Summary
GSD Ib is a complex disorder of glucose metabolism causing severe chronic neutropenia. G-CSF is effective to raise blood neutrophil counts and reduce fevers and infections in most patients. In conjunction with other therapies (salicylates, mesalamine sulfasalazine and prednisone), G-CSF ameliorates inflammatory bowel symptoms, but doses must be limited because it increases spleen size associated with abdominal pain.
Keywords: Glycogen storage disease, granulocyte colony-stimulating factor, hypoglycemia, splenomegaly
Introduction
Glycogen storage disease type Ib is a rare metabolic disorder causing hepatomegaly, hypoglycemia and lactic acidosis. [1] Neutropenia, neutrophil dysfunction, recurrent infections and enterocolitis are additional important features. GSD Ib is caused by mutations in G6PT1, the gene for glucose-6-phosphate transporter, a transmembrane protein of the endoplasmic reticulum of neutrophils and other cells. [2–4] The mutations in the glucose-6-phosphate transporter impair the survival of neutrophils and also blunt their metabolic burst associated phagocytosis. [5]

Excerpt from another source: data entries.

(* Let $\mathcal{H}=(V,\mathcal{A})$ be a HyTN (possibly containing both multi-head and multi-tail hyperarcs) all of whose weights are integers, and suppose $\mathcal{H}$ is consistent. Let $T=\sum_{A\in\mathcal{A}}\sum_{v} |w_A(v)|$, where for each hyperarc $A$ the inner sum ranges over the nodes $v$ at which $w_A$ is defined (the heads of a multi-head hyperarc, the tails of a multi-tail hyperarc). Then $\mathcal{H}$ admits a feasible scheduling $s:V\to\{-T,-T+1,\ldots,T-1,T\}$ (in particular an integral one).
   Context: A Hyper Temporal Network (HyTN) is a pair $\mathcal{H}=(V,\mathcal{A})$ with $V$ a finite set of nodes (timepoints) and $\mathcal{A}$ a finite set of hyperarcs. Each hyperarc is either multi-head or multi-tail. A multi-head hyperarc $A=(t_A,H_A,w_A)$ has a tail $t_A\in V$, a nonempty head set $H_A\subseteq V\setminus\{t_A\}$ and weights $w_A(v)\in\mathbb{R}$ for $v\in H_A$. A multi-tail hyperarc $A=(T_A,h_A,w_A)$ has a head $h_A\in V$, a nonempty tail set $T_A\subseteq V\setminus\{h_A\}$ and weights $w_A(v)\in\mathbb{R}$ for $v\in T_A$. A hyperarc with exactly one head (resp. one tail) is a standard arc $(t,h,w)$. A scheduling $s:V\to\mathbb{R}$ is feasible if: for every standard arc $(t,h,w)$, $s(h)-s(t)\le w$; for every multi-head hyperarc $A$, $s(t_A)\ge\min_{v\in H_A}\{s(v)-w_A(v)\}$; for every multi-tail hyperarc $A$, $s(h_A)\le\max_{v\in T_A}\{s(v)+w_A(v)\}$. $\mathcal{H}$ is consistent if it admits a feasible scheduling. *)

From Stdlib Require Import Reals ZArith List.
Import ListNotations.
Open Scope R_scope.

(* A hyperarc over node type V.  Weights are real; the weight function
   w_A is represented as a list of (node, weight) pairs over the head set
   (multi-head) resp. the tail set (multi-tail). *)
Inductive hyperarc (V : Type) : Type :=
| MultiHead (t : V) (H : list (V * R))
| MultiTail (T : list (V * R)) (h : V).

Arguments MultiHead {V} t H.
Arguments MultiTail {V} T h.

Definition wf_hyperarc {V : Type} (A : hyperarc V) : Prop :=
  match A with
  | MultiHead t H => H <> [] /\ NoDup (map fst H) /\ ~ In t (map fst H)
  | MultiTail T h => T <> [] /\ NoDup (map fst T) /\ ~ In h (map fst T)
  end.

Definition HyTN {V : Type} (Vl : list V) (As : list (hyperarc V)) : Prop :=
  (forall v : V, In v Vl) /\ Forall wf_hyperarc As.

Definition arc_weights {V : Type} (A : hyperarc V) : list (V * R) :=
  match A with
  | MultiHead _ H => H
  | MultiTail T _ => T
  end.

(* Feasibility of s for one hyperarc.
   multi-head: s(t) >= min_{v in H} (s v - w v), i.e. some head attains it;
   multi-tail: s(h) <= max_{v in T} (s v + w v).
   For a single head/tail this is exactly s(h) - s(t) <= w. *)
Definition sat_hyperarc {V : Type} (s : V -> R) (A : hyperarc V) : Prop :=
  match A with
  | MultiHead t H => exists p, In p H /\ s t >= s (fst p) - snd p
  | MultiTail T h => exists p, In p T /\ s h <= s (fst p) + snd p
  end.

Definition feasible {V : Type} (As : list (hyperarc V)) (s : V -> R) : Prop :=
  forall A, In A As -> sat_hyperarc s A.

Definition consistent {V : Type} (As : list (hyperarc V)) : Prop :=
  exists s : V -> R, feasible As s.

Definition integer_weights {V : Type} (As : list (hyperarc V)) : Prop :=
  forall A p, In A As -> In p (arc_weights A) -> exists z : Z, snd p = IZR z.

Definition total_abs_weight {V : Type} (As : list (hyperarc V)) : R :=
  fold_right Rplus 0
    (map (fun A => fold_right Rplus 0 (map (fun p => Rabs (snd p)) (arc_weights A))) As).

From Stdlib Require Import Reals ZArith List Lia Lra Classical.
Import ListNotations.
Open Scope R_scope.

(* A feasible real scheduling selects, in every hyperarc, one head (resp. tail)
   realising the min (resp. max); the resulting standard arcs form a system of
   difference constraints that implies feasibility.  Rounding up preserves
   integer difference constraints, so the system has an integer solution.
   It is then compressed: whenever some level c of the range of the solution is
   not crossed by any tight constraint with negative weight, every node at
   level >= c can be moved down by one.  The levels that cannot be removed in
   this way are covered by the intervals (s b, s b - w] of tight constraints,
   whose total length is at most the total absolute weight T. *)

Lemma list_bounds {X : Type} (f : X -> Z) (l : list X) :
  exists m M, forall x, In x l -> (m <= f x <= M)%Z.
Proof.
  induction l as [|y l (m & M & Hb)]; [exists 0%Z, 0%Z; intros x []|].
  exists (Z.min m (f y)), (Z.max M (f y)).
  intros x [<-|Hx]; [|specialize (Hb x Hx)]; lia.
Qed.

Section IntervalCover.
Open Scope Z_scope.

Definition total_length (I : list (Z * Z)) : Z :=
  fold_right Z.add 0 (map (fun i => Z.max 0 (snd i - fst i)) I).

Lemma total_length_nonneg (I : list (Z * Z)) : 0 <= total_length I.
Proof. unfold total_length; induction I as [|i I IH]; cbn; lia. Qed.

Lemma total_length_app (I J : list (Z * Z)) :
  total_length (I ++ J) = total_length I + total_length J.
Proof. unfold total_length; rewrite map_app; induction I as [|i I IH]; cbn; lia. Qed.

Lemma covered_length_le (I : list (Z * Z)) (m M : Z) :
  (forall c, m < c <= M -> exists lo hi, In (lo, hi) I /\ lo < c <= hi) ->
  M - m <= total_length I.
Proof.
  remember (length I) as n eqn:Hn. revert I Hn M.
  induction n as [n IH] using lt_wf_ind. intros I -> M Hcov.
  destruct (Z_le_gt_dec M m) as [Hle|Hgt].
  { pose proof (total_length_nonneg I); lia. }
  destruct (Hcov M) as (lo & hi & Hin & Hlo); [lia|].
  destruct (in_split _ _ Hin) as (I1 & I2 & ->).
  (* the interval covering M is removed, the levels up to lo are covered by the rest *)
  assert (Hrest : lo - m <= total_length (I1 ++ I2)).
  { apply (IH (length (I1 ++ I2))); [rewrite !length_app; cbn; lia | reflexivity |].
    intros c Hc. destruct (Hcov c) as (lo' & hi' & Hin' & Hc'); [lia|].
    exists lo', hi'. split; [|exact Hc'].
    apply in_app_or in Hin' as [Hin'|[Heq|Hin']]; try (apply in_or_app; tauto).
    injection Heq as -> ->. lia. }
  rewrite total_length_app in *. unfold total_length in *. cbn in *. lia.
Qed.

End IntervalCover.

Section DifferenceConstraints.
Context {V : Type}.
Open Scope Z_scope.

Definition satisfies (s : V -> Z) (C : list (V * V * Z)) : Prop :=
  forall a b w, In (a, b, w) C -> s b - s a <= w.

Definition constraints_weight (C : list (V * V * Z)) : Z :=
  fold_right Z.add 0 (map (fun e => Z.abs (snd e)) C).

Lemma constraints_weight_nonneg (C : list (V * V * Z)) : 0 <= constraints_weight C.
Proof. unfold constraints_weight; induction C as [|e C IH]; cbn; lia. Qed.

(* For a tight constraint the interval is (s b, s a]; for a slack one, s a lies beyond it. *)
Definition tight_intervals (s : V -> Z) (C : list (V * V * Z)) : list (Z * Z) :=
  map (fun e => (s (snd (fst e)), s (snd (fst e)) - snd e)) C.

Lemma total_length_tight_intervals (s : V -> Z) (C : list (V * V * Z)) :
  total_length (tight_intervals s C) <= constraints_weight C.
Proof.
  unfold total_length, tight_intervals, constraints_weight.
  induction C as [|[[a b] w] C IH]; cbn in *; lia.
Qed.

Definition lower_from (c : Z) (s : V -> Z) : V -> Z :=
  fun x => if c <=? s x then s x - 1 else s x.

Lemma satisfies_lower_from (s : V -> Z) (C : list (V * V * Z)) (c : Z) :
  satisfies s C ->
  (forall lo hi, In (lo, hi) (tight_intervals s C) -> ~ (lo < c <= hi)) ->
  satisfies (lower_from c s) C.
Proof.
  intros Hs Hgap a b w Hin. specialize (Hs a b w Hin).
  assert (Hnc : ~ (s b < c <= s b - w)).
  { apply Hgap, in_map_iff. exists (a, b, w). split; [reflexivity | exact Hin]. }
  unfold lower_from. destruct (Z.leb_spec c (s a)), (Z.leb_spec c (s b)); lia.
Qed.

Lemma satisfies_within_weight (s : V -> Z) (C : list (V * V * Z)) (m : Z) (n : nat) :
  satisfies s C -> (forall x, m <= s x <= m + Z.of_nat n) ->
  exists s', satisfies s' C /\ forall x, m <= s' x <= m + constraints_weight C.
Proof.
  revert s. induction n as [|n IH]; intros s Hs Hrange.
  { exists s. split; [exact Hs|]. intros x. specialize (Hrange x).
    pose proof (constraints_weight_nonneg C). lia. }
  destruct (classic (exists c, m < c <= m + Z.of_nat (S n) /\
              forall lo hi, In (lo, hi) (tight_intervals s C) -> ~ (lo < c <= hi)))
    as [(c & Hc & Hgap) | Hnogap].
  - apply (IH (lower_from c s)); [exact (satisfies_lower_from s C c Hs Hgap)|].
    intros x. specialize (Hrange x). unfold lower_from. destruct (Z.leb_spec c (s x)); lia.
  - exists s. split; [exact Hs|]. intros x. specialize (Hrange x).
    assert (Hcov : m + Z.of_nat (S n) - m <= total_length (tight_intervals s C)).
    { apply covered_length_le. intros c Hc. apply NNPP. intros Hnc.
      apply Hnogap. exists c. split; [exact Hc|]. intros lo hi Hin Hlh. eauto. }
    pose proof (total_length_tight_intervals s C). lia.
Qed.

Lemma satisfies_shift (s : V -> Z) (C : list (V * V * Z)) (k : Z) :
  satisfies s C -> satisfies (fun x => s x - k) C.
Proof. intros Hs a b w Hin. specialize (Hs a b w Hin). lia. Qed.

Lemma bounded_solution (Vl : list V) (s : V -> Z) (C : list (V * V * Z)) :
  (forall v, In v Vl) -> satisfies s C ->
  exists s', satisfies s' C /\ forall x, 0 <= s' x <= constraints_weight C.
Proof.
  intros Hall Hs.
  destruct (list_bounds s Vl) as (m & M & Hb).
  destruct (satisfies_within_weight s C m (Z.to_nat (M - m)) Hs) as (s' & Hs' & Hr).
  { intros x. specialize (Hb x (Hall x)). lia. }
  exists (fun x => s' x - m). split; [exact (satisfies_shift s' C m Hs')|].
  intros x. specialize (Hr x). lia.
Qed.

End DifferenceConstraints.

Lemma up_le_shift (x y : R) (w : Z) : x <= y + IZR w -> (up x <= up y + w)%Z.
Proof.
  intros Hxy. destruct (archimed x) as [_ Hx]. destruct (archimed y) as [Hy _].
  destruct (Z_le_gt_dec (up x) (up y + w)) as [|Hgt]; [assumption|].
  assert (Hge : IZR (up y + w + 1) <= IZR (up x)) by (apply IZR_le; lia).
  rewrite !plus_IZR in Hge. lra.
Qed.

Lemma ceiling_satisfies {V : Type} (s0 : V -> R) (C : list (V * V * Z)) :
  (forall a b w, In (a, b, w) C -> s0 b - s0 a <= IZR w) ->
  satisfies (fun v => up (s0 v)) C.
Proof.
  intros Hs0 a b w Hin. specialize (Hs0 a b w Hin).
  pose proof (up_le_shift (s0 b) (s0 a) w ltac:(lra)). cbv beta. lia.
Qed.

Definition arc_abs_weight {V : Type} (A : hyperarc V) : R :=
  fold_right Rplus 0 (map (fun p => Rabs (snd p)) (arc_weights A)).

Lemma le_fold_Rplus (l : list R) (x : R) :
  (forall y, In y l -> 0 <= y) -> In x l -> x <= fold_right Rplus 0 l.
Proof.
  induction l as [|y l IH]; intros Hnn Hx; [destruct Hx|].
  assert (Hl : 0 <= fold_right Rplus 0 l).
  { clear IH Hx. induction l as [|z l IHl]; cbn; [lra|].
    pose proof (Hnn z (or_intror (or_introl eq_refl))).
    assert (0 <= fold_right Rplus 0 l) by (apply IHl; intros u [<-|Hu]; auto with datatypes).
    lra. }
  cbn. destruct Hx as [<-|Hx]; [lra|].
  pose proof (Hnn y (or_introl eq_refl)).
  assert (x <= fold_right Rplus 0 l) by (apply IH; auto with datatypes). lra.
Qed.

Lemma hyperarc_difference_constraint {V : Type} (s0 : V -> R) (A : hyperarc V) :
  (forall p, In p (arc_weights A) -> exists z, snd p = IZR z) ->
  sat_hyperarc s0 A ->
  exists a b w, s0 b - s0 a <= IZR w /\ IZR (Z.abs w) <= arc_abs_weight A /\
    forall s : V -> Z, (s b - s a <= w)%Z -> sat_hyperarc (fun v => IZR (s v)) A.
Proof.
  intros Hint Hsat.
  assert (Hbound : forall p, In p (arc_weights A) -> Rabs (snd p) <= arc_abs_weight A).
  { intros p Hp. apply le_fold_Rplus; [|exact (in_map _ _ _ Hp)].
    intros y Hy. apply in_map_iff in Hy as (q & <- & _). apply Rabs_pos. }
  destruct A as [t H | T h]; cbn in Hsat, Hint, Hbound;
    destruct Hsat as (p & Hp & Hsp); destruct (Hint p Hp) as [z Hz];
    specialize (Hbound p Hp); rewrite Hz, <- abs_IZR in Hbound; rewrite Hz in Hsp.
  - exists t, (fst p), z. split; [lra|]. split; [exact Hbound|].
    intros s Hs. exists p. split; [exact Hp|].
    apply IZR_le in Hs. rewrite minus_IZR in Hs. rewrite Hz. lra.
  - exists (fst p), h, z. split; [lra|]. split; [exact Hbound|].
    intros s Hs. exists p. split; [exact Hp|].
    apply IZR_le in Hs. rewrite minus_IZR in Hs. rewrite Hz. lra.
Qed.

Lemma difference_constraints_of_feasible {V : Type} (As : list (hyperarc V)) (s0 : V -> R) :
  integer_weights As -> feasible As s0 ->
  exists C : list (V * V * Z),
    (forall a b w, In (a, b, w) C -> s0 b - s0 a <= IZR w) /\
    IZR (constraints_weight C) <= total_abs_weight As /\
    forall s, satisfies s C -> feasible As (fun v => IZR (s v)).
Proof.
  induction As as [|A As IH]; intros Hint Hf.
  { exists []. split; [intros ? ? ? []|]. split; [cbn; lra | intros s _ A []]. }
  destruct IH as (C & Hs0 & Hw & Hfeas).
  { intros A' p HA' Hp. exact (Hint A' p (or_intror HA') Hp). }
  { intros A' HA'. exact (Hf A' (or_intror HA')). }
  destruct (hyperarc_difference_constraint s0 A) as (a & b & w & Hab & HwA & HA).
  { intros p Hp. exact (Hint A p (or_introl eq_refl) Hp). }
  { exact (Hf A (or_introl eq_refl)). }
  exists ((a, b, w) :: C). split; [|split].
  - intros a' b' w' [Heq|Hin]; [injection Heq as <- <- <-; exact Hab | exact (Hs0 _ _ _ Hin)].
  - change (IZR (Z.abs w + constraints_weight C) <= arc_abs_weight A + total_abs_weight As).
    rewrite plus_IZR. lra.
  - intros s Hs A' [<-|HA'].
    + apply HA, Hs. left. reflexivity.
    + apply Hfeas; [intros a' b' w' Hin; apply Hs; right; exact Hin | exact HA'].
Qed.

Theorem lemma1 (V : Type) (Vl : list V) (As : list (hyperarc V)) :
  HyTN Vl As ->
  integer_weights As ->
  consistent As ->
  exists s : V -> Z,
    feasible As (fun v => IZR (s v)) /\
    (forall v : V, - total_abs_weight As <= IZR (s v) <= total_abs_weight As).
Proof.
  intros [Hcover _] Hint [s0 Hf].
  destruct (difference_constraints_of_feasible As s0 Hint Hf) as (C & Hs0 & Hw & Hfeas).
  destruct (bounded_solution Vl (fun v => up (s0 v)) C Hcover (ceiling_satisfies s0 C Hs0))
    as (s & Hs & Hb).
  exists s. split; [exact (Hfeas s Hs)|].
  intros v. destruct (Hb v) as [H0 HW]. apply IZR_le in H0, HW. lra.
Qed.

Granulocyte colony-stimulating factor (G-CSF) is a hematopoietic growth factor essential for the production and maintenance of the normal supply of blood neutrophils. [6] Administered pharmacologically, it stimulates neutrophil production and accelerates their release into the blood, thereby increasing blood neutrophil counts. [7] G-CSF has anti-apoptotic effects, promoting the survival of neutrophils and primes these cells for an enhanced metabolic burst through activation of the serine-threonine kinase and STAT kinase pathways. [8] In vivo treatment with G-CSF increases glucose transport across the cell membrane, increases accumulation of cytoplasmic glycogen, and increases the production of granule enzymes and numerous other cellular proteins through changes in gene expression. [9]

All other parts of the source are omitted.